*** Opening INPUT RECORDS ***

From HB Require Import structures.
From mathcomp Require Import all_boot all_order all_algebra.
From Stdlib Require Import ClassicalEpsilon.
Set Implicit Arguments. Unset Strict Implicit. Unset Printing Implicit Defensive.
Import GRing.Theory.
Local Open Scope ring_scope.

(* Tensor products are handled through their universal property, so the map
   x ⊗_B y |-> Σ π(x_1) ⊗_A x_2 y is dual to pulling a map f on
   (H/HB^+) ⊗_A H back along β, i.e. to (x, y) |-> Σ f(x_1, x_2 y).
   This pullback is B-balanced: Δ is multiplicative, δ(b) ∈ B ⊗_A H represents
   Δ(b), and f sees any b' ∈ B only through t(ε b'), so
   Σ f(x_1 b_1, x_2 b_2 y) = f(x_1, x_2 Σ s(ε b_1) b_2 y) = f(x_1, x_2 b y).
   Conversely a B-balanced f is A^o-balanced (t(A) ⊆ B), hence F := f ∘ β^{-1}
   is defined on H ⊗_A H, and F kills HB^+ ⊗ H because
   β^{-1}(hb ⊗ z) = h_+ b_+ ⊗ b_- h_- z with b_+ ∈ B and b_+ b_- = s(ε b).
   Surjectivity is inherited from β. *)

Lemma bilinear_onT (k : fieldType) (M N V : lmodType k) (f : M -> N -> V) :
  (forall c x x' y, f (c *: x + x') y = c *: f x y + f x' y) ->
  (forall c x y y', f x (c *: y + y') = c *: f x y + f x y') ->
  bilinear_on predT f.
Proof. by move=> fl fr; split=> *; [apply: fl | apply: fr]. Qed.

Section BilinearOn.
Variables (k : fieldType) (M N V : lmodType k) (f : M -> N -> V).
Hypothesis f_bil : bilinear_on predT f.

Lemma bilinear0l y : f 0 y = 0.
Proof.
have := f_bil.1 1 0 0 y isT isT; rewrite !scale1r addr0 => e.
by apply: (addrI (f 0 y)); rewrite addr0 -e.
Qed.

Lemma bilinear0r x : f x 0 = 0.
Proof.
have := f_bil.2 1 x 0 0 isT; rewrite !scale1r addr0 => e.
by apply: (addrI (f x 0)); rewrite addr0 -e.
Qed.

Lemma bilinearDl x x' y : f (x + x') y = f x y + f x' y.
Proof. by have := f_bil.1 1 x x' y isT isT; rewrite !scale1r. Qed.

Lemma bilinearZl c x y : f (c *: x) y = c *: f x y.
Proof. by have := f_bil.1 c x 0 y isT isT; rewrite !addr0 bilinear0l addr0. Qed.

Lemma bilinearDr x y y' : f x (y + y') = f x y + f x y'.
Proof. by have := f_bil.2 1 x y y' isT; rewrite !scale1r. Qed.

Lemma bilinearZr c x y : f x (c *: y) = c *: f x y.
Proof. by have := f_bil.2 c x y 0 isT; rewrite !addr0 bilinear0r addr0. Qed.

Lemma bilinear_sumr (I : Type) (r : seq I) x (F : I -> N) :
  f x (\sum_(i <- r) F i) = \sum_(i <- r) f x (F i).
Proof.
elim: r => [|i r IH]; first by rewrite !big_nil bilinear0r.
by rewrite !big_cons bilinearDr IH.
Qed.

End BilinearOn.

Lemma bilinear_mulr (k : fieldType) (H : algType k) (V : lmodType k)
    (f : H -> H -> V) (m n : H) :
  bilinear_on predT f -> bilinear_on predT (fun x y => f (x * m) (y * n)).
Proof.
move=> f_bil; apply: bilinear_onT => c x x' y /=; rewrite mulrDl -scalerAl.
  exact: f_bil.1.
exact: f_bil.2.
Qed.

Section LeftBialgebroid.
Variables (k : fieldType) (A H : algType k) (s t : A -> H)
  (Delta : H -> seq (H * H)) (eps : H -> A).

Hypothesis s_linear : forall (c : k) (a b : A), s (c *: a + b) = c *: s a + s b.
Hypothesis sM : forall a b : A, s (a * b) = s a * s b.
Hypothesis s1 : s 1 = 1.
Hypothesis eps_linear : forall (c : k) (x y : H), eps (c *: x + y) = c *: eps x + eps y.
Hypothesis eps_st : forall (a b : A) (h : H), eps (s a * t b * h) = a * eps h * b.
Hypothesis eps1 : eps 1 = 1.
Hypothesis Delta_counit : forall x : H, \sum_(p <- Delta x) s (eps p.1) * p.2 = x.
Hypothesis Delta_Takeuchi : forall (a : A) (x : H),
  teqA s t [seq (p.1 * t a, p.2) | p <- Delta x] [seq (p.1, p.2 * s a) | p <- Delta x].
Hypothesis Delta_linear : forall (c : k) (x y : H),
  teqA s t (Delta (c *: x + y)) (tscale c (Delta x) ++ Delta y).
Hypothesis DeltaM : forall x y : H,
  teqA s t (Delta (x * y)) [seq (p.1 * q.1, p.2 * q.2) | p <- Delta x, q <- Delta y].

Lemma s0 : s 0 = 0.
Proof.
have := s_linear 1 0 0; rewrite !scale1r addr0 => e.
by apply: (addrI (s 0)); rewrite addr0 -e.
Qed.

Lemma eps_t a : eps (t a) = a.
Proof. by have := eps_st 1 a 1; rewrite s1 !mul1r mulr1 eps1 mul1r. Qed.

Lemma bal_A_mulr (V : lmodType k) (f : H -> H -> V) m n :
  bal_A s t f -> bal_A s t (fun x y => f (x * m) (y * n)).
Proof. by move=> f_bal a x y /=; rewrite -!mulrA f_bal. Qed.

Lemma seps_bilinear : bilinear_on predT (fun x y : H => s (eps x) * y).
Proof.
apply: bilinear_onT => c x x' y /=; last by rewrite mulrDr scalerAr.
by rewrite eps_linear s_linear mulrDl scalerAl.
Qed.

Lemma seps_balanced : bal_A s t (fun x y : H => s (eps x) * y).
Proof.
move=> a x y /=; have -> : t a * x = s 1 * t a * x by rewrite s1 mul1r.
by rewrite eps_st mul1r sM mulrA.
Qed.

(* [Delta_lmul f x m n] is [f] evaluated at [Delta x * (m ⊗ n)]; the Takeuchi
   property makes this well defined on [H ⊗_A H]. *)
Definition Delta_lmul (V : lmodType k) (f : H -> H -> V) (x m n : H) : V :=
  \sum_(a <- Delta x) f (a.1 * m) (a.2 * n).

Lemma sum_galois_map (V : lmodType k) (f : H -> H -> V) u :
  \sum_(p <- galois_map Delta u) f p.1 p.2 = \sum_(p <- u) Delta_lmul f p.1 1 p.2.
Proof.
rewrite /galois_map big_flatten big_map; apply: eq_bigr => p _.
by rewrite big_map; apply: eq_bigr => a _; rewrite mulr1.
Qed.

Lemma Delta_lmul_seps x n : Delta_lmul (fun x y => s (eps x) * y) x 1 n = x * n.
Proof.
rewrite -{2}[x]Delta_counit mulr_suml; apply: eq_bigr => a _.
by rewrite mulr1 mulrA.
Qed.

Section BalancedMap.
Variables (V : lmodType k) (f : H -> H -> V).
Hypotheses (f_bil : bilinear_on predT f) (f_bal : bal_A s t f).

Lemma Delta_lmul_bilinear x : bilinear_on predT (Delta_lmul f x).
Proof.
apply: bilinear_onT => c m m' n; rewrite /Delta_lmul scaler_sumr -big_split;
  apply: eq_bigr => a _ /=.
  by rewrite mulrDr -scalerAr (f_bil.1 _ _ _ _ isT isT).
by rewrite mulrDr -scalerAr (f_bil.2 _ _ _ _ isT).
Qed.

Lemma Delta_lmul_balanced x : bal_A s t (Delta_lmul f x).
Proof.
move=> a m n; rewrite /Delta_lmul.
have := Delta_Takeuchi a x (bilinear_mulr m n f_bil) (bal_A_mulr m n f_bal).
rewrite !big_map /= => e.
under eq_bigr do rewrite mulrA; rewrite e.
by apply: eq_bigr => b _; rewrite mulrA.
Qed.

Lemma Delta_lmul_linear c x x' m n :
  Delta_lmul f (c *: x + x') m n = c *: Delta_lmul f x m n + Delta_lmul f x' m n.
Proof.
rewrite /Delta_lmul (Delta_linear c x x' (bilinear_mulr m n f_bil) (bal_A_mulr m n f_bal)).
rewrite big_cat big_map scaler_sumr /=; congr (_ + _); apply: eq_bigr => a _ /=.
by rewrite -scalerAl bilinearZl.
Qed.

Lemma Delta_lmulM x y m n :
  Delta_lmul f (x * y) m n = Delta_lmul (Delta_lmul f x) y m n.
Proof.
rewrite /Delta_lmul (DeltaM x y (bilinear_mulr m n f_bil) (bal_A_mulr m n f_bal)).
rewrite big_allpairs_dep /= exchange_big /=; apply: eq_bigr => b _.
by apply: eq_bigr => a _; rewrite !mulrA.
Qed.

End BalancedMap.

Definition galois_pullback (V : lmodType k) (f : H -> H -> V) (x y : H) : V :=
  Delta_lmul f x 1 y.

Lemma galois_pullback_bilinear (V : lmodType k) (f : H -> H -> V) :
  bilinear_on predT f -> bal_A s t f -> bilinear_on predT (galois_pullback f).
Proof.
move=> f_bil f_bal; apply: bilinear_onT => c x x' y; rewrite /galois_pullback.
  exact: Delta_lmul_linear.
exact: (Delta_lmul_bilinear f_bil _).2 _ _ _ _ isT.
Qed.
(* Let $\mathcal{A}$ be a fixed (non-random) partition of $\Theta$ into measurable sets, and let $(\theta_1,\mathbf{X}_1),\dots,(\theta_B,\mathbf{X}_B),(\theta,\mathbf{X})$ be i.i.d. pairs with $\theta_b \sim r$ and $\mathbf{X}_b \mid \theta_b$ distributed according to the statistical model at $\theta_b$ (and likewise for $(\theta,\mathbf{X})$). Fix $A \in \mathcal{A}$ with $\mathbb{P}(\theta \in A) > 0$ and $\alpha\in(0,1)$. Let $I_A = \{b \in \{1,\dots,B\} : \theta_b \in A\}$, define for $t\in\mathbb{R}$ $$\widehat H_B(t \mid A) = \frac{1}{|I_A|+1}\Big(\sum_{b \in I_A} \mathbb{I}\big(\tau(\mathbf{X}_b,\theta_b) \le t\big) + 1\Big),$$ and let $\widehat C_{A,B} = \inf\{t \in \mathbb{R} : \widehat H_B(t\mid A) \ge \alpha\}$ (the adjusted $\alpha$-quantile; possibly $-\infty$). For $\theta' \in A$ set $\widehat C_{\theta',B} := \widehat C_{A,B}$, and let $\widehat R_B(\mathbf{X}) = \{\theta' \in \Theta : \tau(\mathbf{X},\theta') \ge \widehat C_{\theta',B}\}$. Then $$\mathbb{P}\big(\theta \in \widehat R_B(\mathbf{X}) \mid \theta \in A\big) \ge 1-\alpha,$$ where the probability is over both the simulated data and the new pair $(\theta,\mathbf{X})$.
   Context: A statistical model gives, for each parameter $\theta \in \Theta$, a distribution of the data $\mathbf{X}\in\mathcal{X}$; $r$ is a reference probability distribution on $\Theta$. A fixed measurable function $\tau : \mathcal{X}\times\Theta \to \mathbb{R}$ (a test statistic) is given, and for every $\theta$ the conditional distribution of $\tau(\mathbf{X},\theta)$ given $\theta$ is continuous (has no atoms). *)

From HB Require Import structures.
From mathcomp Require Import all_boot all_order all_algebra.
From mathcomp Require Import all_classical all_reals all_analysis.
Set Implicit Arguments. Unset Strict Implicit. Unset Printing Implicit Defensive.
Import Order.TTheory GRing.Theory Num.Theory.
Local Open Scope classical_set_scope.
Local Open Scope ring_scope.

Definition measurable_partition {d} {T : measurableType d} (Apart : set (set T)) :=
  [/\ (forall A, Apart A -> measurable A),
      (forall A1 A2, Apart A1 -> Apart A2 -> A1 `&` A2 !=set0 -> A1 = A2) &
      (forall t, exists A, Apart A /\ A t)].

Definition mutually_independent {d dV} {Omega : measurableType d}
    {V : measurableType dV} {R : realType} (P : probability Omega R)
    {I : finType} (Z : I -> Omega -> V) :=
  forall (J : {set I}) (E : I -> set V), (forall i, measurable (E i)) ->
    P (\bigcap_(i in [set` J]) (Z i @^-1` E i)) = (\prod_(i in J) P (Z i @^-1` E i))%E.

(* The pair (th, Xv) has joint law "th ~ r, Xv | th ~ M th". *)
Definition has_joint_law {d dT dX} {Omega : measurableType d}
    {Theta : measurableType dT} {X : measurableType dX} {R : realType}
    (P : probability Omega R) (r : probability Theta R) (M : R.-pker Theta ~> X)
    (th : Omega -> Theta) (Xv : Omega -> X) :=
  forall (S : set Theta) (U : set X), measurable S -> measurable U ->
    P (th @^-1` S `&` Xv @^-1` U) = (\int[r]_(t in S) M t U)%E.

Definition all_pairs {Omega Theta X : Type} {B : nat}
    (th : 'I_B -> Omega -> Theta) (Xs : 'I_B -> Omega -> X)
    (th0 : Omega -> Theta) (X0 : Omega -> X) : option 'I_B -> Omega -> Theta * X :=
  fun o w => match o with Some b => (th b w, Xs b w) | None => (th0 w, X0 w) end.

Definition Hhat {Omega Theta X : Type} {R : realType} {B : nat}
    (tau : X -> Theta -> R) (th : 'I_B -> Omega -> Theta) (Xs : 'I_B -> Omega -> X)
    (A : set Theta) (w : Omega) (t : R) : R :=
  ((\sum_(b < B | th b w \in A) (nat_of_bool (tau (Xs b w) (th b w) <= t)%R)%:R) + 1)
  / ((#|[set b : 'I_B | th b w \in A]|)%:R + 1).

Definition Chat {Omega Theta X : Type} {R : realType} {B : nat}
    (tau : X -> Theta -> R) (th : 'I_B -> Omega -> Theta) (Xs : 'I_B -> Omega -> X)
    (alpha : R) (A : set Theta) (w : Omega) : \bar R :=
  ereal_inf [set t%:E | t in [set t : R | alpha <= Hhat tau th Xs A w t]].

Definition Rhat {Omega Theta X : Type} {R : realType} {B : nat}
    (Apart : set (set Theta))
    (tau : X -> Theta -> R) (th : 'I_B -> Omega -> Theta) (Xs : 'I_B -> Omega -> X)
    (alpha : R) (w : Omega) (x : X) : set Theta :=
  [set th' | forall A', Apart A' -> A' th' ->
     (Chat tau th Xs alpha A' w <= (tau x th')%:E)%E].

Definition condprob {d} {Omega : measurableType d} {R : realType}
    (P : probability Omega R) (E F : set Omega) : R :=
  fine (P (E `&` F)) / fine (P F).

*** Closing INPUT RECORDS ***

-- REQUIRED ACTION --
Write out, from the lines above, only those from the line with "From Stdlib Require Import ClassicalEpsilon." to the line with "Proof. by move=> fl", exactly as given, including the first and the last.

-- OUTPUT FOR THIS EXERCISE --
From Stdlib Require Import ClassicalEpsilon.
Set Implicit Arguments. Unset Strict Implicit. Unset Printing Implicit Defensive.
Import GRing.Theory.
Local Open Scope ring_scope.

(* Tensor products are handled through their universal property, so the map
   x ⊗_B y |-> Σ π(x_1) ⊗_A x_2 y is dual to pulling a map f on
   (H/HB^+) ⊗_A H back along β, i.e. to (x, y) |-> Σ f(x_1, x_2 y).
   This pullback is B-balanced: Δ is multiplicative, δ(b) ∈ B ⊗_A H represents
   Δ(b), and f sees any b' ∈ B only through t(ε b'), so
   Σ f(x_1 b_1, x_2 b_2 y) = f(x_1, x_2 Σ s(ε b_1) b_2 y) = f(x_1, x_2 b y).
   Conversely a B-balanced f is A^o-balanced (t(A) ⊆ B), hence F := f ∘ β^{-1}
   is defined on H ⊗_A H, and F kills HB^+ ⊗ H because
   β^{-1}(hb ⊗ z) = h_+ b_+ ⊗ b_- h_- z with b_+ ∈ B and b_+ b_- = s(ε b).
   Surjectivity is inherited from β. *)

Lemma bilinear_onT (k : fieldType) (M N V : lmodType k) (f : M -> N -> V) :
  (forall c x x' y, f (c *: x + x') y = c *: f x y + f x' y) ->
  (forall c x y y', f x (c *: y + y') = c *: f x y + f x y') ->
  bilinear_on predT f.
Proof. by move=> fl fr; split=> *; [apply: fl | apply: fr]. Qed.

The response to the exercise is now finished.